DIRECTIONS: Quote exactly and only this range of lines in the data below: the line that holds "From Stdlib Require" to the line that holds "(* a direction is a unit vector *)", both included.
(INPUT FOR THIS TASK)
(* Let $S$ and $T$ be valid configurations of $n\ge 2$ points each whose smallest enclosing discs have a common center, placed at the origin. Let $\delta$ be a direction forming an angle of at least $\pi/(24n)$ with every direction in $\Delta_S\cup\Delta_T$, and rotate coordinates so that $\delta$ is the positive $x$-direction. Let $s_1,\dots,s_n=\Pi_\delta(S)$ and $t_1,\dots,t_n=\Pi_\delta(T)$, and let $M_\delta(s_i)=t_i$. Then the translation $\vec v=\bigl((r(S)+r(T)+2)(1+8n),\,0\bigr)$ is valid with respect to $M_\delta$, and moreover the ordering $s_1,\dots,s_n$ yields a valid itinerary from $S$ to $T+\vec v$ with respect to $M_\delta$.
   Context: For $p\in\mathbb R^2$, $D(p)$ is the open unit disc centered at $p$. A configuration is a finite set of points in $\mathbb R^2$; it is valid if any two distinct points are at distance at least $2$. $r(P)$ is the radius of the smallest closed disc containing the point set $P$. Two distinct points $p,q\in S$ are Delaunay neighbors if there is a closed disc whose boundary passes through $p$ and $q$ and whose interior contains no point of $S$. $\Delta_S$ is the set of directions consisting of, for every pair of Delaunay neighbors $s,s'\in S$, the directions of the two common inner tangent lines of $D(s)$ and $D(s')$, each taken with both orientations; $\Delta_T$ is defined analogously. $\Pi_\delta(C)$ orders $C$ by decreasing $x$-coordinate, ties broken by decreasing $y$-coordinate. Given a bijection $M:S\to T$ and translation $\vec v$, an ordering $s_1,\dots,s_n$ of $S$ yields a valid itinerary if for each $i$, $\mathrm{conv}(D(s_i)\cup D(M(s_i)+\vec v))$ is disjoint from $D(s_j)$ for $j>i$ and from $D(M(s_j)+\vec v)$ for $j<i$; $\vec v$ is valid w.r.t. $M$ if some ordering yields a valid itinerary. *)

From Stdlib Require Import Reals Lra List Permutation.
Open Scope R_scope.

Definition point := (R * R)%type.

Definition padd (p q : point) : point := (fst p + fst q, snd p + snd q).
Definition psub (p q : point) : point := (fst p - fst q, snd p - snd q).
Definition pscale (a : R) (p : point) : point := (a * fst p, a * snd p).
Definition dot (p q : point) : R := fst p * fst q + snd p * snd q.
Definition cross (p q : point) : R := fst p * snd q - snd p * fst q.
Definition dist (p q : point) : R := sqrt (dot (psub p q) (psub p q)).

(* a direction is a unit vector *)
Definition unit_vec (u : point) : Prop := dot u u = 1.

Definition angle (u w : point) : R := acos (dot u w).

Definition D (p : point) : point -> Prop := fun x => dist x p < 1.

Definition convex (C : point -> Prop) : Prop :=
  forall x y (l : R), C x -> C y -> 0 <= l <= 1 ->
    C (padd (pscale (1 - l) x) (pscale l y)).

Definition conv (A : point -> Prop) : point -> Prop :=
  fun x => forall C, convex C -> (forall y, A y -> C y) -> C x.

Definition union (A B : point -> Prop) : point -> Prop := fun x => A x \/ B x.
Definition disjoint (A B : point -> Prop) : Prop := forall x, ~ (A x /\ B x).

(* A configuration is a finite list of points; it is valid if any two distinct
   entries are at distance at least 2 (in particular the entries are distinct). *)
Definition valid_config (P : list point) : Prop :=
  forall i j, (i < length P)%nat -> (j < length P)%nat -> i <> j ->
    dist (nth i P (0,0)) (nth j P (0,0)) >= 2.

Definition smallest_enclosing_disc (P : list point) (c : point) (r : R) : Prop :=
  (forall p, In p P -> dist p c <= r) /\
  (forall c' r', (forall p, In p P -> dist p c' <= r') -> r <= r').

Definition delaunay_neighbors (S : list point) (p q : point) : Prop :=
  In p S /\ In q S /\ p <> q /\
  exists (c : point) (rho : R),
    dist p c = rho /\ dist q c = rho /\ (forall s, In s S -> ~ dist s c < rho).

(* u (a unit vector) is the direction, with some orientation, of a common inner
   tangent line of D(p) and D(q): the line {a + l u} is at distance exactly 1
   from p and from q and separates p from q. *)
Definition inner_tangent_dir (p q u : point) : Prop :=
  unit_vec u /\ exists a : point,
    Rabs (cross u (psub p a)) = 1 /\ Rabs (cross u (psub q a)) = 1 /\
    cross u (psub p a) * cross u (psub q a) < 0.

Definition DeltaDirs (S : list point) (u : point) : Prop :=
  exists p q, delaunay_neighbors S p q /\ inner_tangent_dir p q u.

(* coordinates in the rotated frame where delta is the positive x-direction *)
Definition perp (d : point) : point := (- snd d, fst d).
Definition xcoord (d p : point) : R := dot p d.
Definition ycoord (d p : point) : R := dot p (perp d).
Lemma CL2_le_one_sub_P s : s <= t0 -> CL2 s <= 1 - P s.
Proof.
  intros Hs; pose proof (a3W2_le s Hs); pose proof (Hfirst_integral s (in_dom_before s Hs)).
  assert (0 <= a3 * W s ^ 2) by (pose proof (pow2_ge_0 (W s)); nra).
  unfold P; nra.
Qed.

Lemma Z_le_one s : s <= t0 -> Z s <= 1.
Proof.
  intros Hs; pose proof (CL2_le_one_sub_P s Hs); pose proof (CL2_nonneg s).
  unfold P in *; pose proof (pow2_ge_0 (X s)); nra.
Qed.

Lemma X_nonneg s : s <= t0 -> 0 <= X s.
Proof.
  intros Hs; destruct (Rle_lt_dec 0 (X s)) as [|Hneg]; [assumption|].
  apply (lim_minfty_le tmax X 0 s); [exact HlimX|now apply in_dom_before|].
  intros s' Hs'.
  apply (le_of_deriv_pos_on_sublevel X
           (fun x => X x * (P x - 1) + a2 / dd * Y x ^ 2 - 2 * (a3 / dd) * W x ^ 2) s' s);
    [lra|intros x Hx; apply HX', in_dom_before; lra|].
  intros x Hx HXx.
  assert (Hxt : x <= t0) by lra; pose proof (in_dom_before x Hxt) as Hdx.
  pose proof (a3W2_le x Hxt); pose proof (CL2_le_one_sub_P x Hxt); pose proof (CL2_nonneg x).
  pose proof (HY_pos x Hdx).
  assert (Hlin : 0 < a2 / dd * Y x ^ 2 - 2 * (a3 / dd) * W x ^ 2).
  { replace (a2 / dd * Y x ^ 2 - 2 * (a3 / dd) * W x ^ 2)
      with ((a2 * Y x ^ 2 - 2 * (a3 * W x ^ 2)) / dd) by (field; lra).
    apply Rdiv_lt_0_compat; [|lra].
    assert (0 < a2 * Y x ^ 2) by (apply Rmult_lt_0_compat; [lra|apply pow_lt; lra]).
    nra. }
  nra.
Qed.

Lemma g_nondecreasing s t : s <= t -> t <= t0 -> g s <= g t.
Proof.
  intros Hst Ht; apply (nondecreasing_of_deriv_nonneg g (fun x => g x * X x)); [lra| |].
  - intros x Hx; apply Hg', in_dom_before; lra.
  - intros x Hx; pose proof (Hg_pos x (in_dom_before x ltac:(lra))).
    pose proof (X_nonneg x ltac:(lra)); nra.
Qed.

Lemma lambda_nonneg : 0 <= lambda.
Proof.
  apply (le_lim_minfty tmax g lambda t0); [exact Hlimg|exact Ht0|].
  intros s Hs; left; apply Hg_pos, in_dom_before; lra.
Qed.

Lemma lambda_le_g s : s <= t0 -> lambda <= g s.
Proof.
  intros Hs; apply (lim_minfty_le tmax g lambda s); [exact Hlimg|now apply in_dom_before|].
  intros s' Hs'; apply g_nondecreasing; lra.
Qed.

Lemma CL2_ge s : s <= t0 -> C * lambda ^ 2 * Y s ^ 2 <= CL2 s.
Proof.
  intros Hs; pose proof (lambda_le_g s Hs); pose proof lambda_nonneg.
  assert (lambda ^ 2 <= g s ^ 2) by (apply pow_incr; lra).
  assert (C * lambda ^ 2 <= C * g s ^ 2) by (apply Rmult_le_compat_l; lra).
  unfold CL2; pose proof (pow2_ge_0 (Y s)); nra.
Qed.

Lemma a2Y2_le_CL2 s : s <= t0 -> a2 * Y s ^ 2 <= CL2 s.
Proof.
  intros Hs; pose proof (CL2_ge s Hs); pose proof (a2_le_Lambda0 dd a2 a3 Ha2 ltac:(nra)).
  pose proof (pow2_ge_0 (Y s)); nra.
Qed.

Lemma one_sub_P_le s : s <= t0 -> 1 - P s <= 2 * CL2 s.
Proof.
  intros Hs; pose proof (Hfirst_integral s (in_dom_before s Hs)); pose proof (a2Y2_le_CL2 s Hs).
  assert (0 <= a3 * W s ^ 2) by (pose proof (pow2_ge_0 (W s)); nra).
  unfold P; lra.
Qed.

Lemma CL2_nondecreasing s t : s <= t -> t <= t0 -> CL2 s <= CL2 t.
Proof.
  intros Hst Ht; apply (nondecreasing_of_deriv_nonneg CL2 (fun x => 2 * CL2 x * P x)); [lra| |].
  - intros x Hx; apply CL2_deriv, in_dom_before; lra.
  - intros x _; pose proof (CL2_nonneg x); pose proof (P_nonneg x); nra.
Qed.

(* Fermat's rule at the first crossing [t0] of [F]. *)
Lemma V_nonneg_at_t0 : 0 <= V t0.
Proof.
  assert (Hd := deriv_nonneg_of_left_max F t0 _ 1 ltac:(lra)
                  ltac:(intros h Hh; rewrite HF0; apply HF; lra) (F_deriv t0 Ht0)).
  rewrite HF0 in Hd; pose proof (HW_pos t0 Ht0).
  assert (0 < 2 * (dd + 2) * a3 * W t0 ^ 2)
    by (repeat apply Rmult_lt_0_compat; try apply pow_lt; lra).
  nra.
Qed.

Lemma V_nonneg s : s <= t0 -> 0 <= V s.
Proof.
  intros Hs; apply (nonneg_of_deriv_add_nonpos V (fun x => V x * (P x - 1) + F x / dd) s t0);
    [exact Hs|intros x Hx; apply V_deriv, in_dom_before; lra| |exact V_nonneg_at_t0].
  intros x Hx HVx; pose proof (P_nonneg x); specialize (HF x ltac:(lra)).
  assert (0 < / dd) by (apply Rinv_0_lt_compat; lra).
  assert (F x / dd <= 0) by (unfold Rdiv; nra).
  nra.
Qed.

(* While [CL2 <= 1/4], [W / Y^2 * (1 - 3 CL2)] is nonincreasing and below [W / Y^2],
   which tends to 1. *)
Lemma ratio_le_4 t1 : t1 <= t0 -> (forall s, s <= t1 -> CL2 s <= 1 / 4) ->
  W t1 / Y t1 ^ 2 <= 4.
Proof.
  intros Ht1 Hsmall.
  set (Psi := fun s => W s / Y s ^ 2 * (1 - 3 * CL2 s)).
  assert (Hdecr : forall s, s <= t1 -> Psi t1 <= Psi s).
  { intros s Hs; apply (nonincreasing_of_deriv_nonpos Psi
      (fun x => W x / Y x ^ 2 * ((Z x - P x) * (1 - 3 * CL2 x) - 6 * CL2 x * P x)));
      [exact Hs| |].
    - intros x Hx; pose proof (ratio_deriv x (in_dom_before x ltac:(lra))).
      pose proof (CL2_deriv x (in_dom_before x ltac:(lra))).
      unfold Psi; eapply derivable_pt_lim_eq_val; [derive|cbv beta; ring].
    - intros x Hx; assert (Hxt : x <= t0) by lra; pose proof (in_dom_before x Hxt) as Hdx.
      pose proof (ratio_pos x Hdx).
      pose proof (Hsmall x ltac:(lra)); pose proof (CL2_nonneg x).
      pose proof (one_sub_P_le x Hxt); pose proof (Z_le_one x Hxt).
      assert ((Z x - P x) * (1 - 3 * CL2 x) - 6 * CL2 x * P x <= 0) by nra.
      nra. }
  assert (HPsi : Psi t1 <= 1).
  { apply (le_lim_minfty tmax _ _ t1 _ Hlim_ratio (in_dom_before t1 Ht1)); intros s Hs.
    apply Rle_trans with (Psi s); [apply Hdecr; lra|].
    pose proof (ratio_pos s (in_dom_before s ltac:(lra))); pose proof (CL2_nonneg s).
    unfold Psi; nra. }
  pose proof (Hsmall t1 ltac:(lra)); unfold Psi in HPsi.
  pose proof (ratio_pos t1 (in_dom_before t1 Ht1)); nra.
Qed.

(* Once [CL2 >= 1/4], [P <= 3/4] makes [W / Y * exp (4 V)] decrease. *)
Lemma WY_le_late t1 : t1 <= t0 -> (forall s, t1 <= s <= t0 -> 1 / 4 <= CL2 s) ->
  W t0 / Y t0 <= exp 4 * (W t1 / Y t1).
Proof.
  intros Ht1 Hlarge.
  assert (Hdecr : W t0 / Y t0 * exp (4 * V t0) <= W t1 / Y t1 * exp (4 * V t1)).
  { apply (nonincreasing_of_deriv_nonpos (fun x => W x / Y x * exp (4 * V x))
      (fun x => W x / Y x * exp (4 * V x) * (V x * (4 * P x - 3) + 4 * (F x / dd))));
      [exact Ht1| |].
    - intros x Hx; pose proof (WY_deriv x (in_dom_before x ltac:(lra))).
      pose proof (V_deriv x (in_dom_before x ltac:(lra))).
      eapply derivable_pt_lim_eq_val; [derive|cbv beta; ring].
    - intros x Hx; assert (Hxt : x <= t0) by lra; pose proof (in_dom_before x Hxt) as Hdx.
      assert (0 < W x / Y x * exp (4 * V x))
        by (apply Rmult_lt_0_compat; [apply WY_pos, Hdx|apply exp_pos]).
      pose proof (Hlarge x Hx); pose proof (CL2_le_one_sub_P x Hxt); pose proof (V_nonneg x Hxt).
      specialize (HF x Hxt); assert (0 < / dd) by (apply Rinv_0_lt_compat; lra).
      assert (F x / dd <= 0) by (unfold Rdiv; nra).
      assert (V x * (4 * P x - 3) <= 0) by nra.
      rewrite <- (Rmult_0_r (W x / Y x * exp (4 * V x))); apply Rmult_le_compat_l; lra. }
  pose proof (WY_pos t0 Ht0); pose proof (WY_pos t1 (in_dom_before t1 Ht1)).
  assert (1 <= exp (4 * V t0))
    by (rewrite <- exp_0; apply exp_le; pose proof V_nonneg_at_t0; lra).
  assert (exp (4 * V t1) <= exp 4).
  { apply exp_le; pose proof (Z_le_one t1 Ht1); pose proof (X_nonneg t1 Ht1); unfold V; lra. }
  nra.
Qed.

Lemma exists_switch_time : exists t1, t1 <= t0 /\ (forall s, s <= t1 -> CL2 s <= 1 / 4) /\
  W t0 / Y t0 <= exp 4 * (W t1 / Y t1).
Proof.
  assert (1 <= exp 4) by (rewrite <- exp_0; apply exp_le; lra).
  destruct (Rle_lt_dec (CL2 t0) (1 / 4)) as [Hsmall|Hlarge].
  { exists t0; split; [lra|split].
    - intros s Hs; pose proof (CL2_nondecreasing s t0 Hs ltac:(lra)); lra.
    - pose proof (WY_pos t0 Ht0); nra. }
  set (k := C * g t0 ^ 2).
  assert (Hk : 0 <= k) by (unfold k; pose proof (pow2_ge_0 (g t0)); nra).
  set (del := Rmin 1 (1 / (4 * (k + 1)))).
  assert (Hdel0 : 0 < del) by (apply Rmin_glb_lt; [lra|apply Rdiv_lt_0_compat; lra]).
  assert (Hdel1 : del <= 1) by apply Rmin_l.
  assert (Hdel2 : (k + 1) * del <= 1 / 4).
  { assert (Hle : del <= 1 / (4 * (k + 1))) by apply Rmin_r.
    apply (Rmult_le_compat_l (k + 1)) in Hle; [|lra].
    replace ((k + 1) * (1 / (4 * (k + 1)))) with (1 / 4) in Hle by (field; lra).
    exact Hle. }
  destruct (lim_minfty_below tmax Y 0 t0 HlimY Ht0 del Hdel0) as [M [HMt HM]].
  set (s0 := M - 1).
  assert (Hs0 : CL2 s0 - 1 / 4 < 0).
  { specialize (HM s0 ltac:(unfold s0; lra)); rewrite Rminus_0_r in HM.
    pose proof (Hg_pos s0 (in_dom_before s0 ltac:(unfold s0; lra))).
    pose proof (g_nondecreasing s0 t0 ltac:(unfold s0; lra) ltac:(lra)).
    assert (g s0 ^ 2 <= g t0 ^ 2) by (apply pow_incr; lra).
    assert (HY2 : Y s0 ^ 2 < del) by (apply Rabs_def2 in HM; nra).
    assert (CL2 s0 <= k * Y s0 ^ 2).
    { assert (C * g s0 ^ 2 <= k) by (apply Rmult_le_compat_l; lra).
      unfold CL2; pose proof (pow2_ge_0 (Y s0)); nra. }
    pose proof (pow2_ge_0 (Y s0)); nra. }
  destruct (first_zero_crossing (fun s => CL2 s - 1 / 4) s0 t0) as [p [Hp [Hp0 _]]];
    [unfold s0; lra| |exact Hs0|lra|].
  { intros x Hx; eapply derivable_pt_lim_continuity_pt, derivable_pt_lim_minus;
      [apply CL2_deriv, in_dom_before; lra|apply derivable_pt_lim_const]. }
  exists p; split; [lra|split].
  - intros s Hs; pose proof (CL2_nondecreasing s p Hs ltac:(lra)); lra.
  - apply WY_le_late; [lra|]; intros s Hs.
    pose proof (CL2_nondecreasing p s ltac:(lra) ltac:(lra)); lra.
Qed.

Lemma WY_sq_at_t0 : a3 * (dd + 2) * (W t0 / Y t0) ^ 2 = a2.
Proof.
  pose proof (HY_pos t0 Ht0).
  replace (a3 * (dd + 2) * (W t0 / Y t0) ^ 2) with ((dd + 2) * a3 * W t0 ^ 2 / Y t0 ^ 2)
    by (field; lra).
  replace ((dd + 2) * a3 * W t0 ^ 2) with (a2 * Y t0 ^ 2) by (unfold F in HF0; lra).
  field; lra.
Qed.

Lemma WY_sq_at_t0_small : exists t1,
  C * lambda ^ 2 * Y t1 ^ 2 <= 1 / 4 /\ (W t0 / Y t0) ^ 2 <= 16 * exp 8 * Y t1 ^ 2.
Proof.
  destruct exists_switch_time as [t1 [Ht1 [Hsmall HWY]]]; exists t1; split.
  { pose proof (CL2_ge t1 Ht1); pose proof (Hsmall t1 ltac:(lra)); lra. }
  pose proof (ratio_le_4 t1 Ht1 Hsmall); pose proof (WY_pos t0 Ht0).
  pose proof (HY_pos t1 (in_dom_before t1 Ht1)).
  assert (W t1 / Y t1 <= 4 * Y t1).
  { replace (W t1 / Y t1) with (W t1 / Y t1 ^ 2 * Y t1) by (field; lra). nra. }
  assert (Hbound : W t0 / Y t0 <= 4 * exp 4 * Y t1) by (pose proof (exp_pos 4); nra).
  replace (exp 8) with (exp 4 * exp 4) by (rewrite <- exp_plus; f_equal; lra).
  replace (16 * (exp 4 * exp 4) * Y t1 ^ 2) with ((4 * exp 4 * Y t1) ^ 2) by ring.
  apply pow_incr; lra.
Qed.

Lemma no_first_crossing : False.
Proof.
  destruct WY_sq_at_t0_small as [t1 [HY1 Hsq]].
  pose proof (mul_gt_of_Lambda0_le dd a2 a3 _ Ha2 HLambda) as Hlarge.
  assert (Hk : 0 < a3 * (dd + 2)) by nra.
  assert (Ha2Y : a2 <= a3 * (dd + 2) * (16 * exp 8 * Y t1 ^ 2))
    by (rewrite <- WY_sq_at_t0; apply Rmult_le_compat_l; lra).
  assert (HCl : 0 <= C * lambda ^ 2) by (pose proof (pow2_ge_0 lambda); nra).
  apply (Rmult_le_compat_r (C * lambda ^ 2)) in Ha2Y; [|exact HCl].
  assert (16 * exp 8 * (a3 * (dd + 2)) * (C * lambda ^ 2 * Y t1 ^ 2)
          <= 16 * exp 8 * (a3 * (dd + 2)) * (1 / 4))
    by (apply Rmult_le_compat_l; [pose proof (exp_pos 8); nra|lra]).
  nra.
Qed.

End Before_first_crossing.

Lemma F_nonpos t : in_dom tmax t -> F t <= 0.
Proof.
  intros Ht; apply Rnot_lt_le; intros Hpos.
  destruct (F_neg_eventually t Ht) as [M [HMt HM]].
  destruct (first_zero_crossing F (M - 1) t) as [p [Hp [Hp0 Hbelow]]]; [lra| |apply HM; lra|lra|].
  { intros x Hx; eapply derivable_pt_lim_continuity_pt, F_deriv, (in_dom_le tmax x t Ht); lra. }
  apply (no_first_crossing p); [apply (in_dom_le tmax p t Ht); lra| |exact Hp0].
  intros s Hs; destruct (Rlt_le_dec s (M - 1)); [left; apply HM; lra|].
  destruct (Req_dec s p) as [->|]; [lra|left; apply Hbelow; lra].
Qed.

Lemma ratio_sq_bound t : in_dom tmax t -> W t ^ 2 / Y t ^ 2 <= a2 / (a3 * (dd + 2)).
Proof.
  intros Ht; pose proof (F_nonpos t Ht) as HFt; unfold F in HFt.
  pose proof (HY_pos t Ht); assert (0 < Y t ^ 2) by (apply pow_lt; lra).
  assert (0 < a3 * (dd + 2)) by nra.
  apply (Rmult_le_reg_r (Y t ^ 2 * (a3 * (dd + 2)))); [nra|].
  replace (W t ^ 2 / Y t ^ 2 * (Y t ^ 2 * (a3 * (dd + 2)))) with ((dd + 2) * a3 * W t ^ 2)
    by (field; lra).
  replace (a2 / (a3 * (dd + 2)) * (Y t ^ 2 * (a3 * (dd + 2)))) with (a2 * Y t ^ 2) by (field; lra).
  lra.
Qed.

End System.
(End INPUT FOR THIS TASK)
THE COMPLETED TASK:
From Stdlib Require Import Reals Lra List Permutation.
Open Scope R_scope.

Definition point := (R * R)%type.

Definition padd (p q : point) : point := (fst p + fst q, snd p + snd q).
Definition psub (p q : point) : point := (fst p - fst q, snd p - snd q).
Definition pscale (a : R) (p : point) : point := (a * fst p, a * snd p).
Definition dot (p q : point) : R := fst p * fst q + snd p * snd q.
Definition cross (p q : point) : R := fst p * snd q - snd p * fst q.
Definition dist (p q : point) : R := sqrt (dot (psub p q) (psub p q)).

(* a direction is a unit vector *)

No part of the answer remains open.